Information shown:

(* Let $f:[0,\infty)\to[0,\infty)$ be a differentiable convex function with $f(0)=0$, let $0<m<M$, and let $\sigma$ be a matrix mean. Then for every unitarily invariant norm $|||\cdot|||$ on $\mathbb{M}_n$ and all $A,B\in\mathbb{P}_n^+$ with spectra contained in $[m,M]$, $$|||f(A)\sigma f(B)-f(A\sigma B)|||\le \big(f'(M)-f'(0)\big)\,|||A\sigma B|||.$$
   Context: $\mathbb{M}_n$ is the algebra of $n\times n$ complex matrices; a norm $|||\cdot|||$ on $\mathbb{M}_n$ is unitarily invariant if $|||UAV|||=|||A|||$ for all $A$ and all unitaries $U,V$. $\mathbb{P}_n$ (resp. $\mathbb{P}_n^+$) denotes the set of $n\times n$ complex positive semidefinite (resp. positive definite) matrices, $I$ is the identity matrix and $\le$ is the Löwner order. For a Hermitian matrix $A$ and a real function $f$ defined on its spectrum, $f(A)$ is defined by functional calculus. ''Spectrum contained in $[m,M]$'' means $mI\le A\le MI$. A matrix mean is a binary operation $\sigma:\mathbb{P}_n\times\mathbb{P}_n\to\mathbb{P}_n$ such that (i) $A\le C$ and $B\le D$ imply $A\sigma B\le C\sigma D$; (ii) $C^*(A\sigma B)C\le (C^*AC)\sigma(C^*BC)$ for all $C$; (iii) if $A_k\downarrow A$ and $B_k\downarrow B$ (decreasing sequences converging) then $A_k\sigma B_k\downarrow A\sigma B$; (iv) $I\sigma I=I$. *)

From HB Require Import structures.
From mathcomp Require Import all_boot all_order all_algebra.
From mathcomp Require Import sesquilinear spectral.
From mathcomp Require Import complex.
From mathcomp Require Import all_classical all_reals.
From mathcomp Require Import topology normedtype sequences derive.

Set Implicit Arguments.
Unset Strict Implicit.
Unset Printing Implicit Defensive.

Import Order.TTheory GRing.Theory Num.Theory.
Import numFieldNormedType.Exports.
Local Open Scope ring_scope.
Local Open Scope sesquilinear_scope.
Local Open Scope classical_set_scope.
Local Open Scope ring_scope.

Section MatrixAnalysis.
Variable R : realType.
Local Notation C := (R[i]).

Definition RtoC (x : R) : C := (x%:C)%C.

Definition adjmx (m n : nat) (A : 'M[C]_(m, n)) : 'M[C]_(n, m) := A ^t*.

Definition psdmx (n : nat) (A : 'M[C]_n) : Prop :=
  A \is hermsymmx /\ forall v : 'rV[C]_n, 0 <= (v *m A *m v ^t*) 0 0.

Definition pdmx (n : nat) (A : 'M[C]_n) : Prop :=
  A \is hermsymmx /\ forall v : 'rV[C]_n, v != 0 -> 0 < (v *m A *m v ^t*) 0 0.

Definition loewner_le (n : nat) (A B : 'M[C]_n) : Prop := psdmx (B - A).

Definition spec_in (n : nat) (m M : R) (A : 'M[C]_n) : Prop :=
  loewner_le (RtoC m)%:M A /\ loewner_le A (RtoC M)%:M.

Work to be completed: Output exactly the lines of the data that run from the one containing "Variable R : realType." to the very last line, and no others.

Result for this task:
Variable R : realType.
Local Notation C := (R[i]).

Definition RtoC (x : R) : C := (x%:C)%C.

Definition adjmx (m n : nat) (A : 'M[C]_(m, n)) : 'M[C]_(n, m) := A ^t*.

Definition psdmx (n : nat) (A : 'M[C]_n) : Prop :=
  A \is hermsymmx /\ forall v : 'rV[C]_n, 0 <= (v *m A *m v ^t*) 0 0.

Definition pdmx (n : nat) (A : 'M[C]_n) : Prop :=
  A \is hermsymmx /\ forall v : 'rV[C]_n, v != 0 -> 0 < (v *m A *m v ^t*) 0 0.

Definition loewner_le (n : nat) (A B : 'M[C]_n) : Prop := psdmx (B - A).

Definition spec_in (n : nat) (m M : R) (A : 'M[C]_n) : Prop :=
  loewner_le (RtoC m)%:M A /\ loewner_le A (RtoC M)%:M.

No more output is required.